# Supplied records
[Start of section]

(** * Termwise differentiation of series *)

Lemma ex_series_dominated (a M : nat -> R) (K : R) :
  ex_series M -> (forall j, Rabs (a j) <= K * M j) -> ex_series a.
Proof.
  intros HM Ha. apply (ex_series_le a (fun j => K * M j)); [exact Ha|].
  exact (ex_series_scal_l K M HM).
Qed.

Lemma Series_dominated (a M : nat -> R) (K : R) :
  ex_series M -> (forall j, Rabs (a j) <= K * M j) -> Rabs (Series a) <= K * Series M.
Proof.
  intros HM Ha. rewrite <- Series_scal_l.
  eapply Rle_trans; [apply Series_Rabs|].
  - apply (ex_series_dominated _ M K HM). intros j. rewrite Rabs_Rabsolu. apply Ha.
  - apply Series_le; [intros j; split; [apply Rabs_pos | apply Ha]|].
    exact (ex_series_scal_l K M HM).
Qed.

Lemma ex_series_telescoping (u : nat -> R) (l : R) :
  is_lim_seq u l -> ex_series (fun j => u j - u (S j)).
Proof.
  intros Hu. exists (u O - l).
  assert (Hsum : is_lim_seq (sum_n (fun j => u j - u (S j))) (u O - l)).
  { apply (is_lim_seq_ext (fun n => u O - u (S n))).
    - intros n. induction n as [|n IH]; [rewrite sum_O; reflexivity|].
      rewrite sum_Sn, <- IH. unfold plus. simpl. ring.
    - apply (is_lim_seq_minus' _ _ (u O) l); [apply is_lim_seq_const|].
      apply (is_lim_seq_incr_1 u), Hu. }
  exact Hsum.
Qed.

[End of section]
[Start of section]

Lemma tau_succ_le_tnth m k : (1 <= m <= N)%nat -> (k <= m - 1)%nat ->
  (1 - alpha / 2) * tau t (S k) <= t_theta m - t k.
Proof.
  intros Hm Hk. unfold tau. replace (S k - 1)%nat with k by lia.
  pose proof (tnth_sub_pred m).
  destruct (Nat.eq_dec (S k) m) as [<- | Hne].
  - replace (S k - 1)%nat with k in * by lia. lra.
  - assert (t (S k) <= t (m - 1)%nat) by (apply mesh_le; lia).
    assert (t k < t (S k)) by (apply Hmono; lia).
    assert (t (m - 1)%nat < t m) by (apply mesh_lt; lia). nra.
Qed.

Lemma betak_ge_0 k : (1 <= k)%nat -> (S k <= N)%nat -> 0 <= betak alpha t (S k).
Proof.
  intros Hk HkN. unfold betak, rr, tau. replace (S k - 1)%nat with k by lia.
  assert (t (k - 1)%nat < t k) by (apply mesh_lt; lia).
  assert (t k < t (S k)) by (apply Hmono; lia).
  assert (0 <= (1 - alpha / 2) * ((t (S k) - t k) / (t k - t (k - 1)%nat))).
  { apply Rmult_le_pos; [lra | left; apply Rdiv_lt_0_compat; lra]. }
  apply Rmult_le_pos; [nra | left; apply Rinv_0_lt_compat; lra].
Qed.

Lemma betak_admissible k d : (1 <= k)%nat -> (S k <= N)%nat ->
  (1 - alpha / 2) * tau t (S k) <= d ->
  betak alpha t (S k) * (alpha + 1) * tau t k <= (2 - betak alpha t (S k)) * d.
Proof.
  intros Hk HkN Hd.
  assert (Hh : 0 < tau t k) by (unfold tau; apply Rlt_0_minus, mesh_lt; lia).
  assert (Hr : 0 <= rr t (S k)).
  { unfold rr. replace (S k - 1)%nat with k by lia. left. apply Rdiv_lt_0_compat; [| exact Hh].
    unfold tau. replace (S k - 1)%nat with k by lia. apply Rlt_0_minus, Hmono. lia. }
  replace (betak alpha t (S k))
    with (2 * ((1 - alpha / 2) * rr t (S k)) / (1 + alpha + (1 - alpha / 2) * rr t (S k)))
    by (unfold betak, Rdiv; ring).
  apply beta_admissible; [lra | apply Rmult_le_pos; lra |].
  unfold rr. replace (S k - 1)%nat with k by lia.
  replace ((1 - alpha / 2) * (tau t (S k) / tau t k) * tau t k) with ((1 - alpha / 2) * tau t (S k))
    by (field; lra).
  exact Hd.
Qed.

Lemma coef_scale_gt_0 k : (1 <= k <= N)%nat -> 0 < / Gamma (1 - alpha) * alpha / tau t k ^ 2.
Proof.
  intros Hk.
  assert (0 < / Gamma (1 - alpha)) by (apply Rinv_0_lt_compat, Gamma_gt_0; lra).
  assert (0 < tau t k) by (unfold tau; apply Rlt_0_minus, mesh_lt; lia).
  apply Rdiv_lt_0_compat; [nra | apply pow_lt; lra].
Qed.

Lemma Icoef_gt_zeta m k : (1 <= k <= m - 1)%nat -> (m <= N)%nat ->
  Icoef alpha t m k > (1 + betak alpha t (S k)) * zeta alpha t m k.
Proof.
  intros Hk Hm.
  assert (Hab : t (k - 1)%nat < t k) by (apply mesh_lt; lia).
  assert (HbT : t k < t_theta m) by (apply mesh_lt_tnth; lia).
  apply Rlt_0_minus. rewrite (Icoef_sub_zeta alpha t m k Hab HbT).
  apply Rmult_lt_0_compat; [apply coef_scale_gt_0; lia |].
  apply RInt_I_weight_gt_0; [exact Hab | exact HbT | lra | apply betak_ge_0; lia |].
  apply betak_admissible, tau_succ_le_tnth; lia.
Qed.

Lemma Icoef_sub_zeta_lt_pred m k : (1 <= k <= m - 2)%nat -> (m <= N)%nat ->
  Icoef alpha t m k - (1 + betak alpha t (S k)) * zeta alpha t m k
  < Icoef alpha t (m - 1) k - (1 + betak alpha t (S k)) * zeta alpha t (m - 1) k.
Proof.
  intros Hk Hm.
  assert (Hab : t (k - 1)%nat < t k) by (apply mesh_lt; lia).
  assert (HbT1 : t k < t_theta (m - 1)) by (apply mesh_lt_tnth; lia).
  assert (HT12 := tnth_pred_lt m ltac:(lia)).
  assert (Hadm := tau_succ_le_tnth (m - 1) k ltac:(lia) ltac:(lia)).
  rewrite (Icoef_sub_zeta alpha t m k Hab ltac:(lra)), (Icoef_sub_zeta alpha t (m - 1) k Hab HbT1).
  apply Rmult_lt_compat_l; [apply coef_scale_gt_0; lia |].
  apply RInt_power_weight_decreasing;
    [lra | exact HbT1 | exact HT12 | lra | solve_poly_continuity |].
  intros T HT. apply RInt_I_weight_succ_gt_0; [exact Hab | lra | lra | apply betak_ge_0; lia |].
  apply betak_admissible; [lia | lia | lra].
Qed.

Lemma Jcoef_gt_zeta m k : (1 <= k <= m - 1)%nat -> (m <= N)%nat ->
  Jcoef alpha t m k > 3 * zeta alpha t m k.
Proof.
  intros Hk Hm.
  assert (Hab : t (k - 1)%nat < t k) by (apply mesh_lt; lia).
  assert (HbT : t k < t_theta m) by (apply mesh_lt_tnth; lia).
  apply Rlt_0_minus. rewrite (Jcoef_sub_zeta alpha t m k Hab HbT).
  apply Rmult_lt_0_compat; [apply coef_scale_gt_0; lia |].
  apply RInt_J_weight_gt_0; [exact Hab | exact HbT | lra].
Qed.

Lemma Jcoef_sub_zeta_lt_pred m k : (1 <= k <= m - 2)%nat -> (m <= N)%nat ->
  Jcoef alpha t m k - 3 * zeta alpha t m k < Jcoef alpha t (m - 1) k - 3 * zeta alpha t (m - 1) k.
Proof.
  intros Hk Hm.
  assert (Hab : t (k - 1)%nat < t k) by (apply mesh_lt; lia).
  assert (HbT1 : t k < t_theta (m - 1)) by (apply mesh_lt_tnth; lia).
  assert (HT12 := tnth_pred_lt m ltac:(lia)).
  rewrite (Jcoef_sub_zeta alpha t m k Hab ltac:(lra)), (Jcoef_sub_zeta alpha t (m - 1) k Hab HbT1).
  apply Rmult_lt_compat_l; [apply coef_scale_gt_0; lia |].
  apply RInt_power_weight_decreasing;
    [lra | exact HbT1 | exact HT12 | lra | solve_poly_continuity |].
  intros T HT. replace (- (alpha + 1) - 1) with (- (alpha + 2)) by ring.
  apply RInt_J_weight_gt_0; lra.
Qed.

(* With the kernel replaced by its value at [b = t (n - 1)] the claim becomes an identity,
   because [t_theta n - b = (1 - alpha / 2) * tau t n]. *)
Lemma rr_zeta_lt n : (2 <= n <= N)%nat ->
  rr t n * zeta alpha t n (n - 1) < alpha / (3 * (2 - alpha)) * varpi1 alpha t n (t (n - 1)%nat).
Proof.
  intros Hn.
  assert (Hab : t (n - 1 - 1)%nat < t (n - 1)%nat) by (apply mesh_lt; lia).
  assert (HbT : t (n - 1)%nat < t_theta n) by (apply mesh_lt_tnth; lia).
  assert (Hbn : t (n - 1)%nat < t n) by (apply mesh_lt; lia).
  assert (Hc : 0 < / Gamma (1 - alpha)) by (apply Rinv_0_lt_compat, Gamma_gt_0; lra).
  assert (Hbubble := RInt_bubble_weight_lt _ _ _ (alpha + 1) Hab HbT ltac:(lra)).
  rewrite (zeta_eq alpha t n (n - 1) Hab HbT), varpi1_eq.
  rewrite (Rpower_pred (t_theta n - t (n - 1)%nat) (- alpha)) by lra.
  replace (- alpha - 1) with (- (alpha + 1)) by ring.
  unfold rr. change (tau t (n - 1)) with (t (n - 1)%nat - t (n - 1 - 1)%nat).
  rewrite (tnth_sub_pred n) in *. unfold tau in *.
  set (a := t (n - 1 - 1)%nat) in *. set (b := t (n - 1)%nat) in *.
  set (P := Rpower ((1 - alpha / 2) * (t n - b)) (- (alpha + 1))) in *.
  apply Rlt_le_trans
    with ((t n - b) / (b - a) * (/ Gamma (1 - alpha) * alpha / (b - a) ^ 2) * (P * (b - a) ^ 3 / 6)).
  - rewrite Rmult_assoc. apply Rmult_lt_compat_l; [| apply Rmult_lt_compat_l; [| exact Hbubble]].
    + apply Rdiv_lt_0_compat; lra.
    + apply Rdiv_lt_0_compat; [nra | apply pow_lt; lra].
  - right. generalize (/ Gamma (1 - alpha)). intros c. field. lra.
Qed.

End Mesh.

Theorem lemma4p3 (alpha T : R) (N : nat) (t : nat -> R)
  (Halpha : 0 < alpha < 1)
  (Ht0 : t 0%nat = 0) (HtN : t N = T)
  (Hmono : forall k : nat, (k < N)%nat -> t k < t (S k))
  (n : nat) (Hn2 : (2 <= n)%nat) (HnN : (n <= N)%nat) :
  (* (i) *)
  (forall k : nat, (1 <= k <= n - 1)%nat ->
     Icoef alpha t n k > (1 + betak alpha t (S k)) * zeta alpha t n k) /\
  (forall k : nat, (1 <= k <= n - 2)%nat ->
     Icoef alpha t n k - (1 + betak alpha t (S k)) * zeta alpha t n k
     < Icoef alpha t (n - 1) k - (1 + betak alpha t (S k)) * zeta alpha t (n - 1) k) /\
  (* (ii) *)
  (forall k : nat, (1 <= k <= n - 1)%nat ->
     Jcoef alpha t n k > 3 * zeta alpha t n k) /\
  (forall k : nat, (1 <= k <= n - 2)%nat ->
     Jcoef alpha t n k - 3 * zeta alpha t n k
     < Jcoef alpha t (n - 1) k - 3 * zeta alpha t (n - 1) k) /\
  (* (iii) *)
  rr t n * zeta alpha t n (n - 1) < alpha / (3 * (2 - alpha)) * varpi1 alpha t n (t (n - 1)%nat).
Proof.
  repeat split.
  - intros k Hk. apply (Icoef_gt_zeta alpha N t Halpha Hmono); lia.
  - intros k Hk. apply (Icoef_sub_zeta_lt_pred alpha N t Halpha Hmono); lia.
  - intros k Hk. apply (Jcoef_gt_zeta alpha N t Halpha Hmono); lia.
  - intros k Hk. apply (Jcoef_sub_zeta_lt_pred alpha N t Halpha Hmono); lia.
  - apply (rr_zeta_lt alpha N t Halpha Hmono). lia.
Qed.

[End of section]

# What is needed
Return, word for word, the lines of the data above from the line with "Hab ltac:(lra)), (Jcoef_sub_zeta" through the line with "assert (Hc : 0", inclusive.

# Expected answer
  rewrite (Jcoef_sub_zeta alpha t m k Hab ltac:(lra)), (Jcoef_sub_zeta alpha t (m - 1) k Hab HbT1).
  apply Rmult_lt_compat_l; [apply coef_scale_gt_0; lia |].
  apply RInt_power_weight_decreasing;
    [lra | exact HbT1 | exact HT12 | lra | solve_poly_continuity |].
  intros T HT. replace (- (alpha + 1) - 1) with (- (alpha + 2)) by ring.
  apply RInt_J_weight_gt_0; lra.
Qed.

(* With the kernel replaced by its value at [b = t (n - 1)] the claim becomes an identity,
   because [t_theta n - b = (1 - alpha / 2) * tau t n]. *)
Lemma rr_zeta_lt n : (2 <= n <= N)%nat ->
  rr t n * zeta alpha t n (n - 1) < alpha / (3 * (2 - alpha)) * varpi1 alpha t n (t (n - 1)%nat).
Proof.
  intros Hn.
  assert (Hab : t (n - 1 - 1)%nat < t (n - 1)%nat) by (apply mesh_lt; lia).
  assert (HbT : t (n - 1)%nat < t_theta n) by (apply mesh_lt_tnth; lia).
  assert (Hbn : t (n - 1)%nat < t n) by (apply mesh_lt; lia).
  assert (Hc : 0 < / Gamma (1 - alpha)) by (apply Rinv_0_lt_compat, Gamma_gt_0; lra).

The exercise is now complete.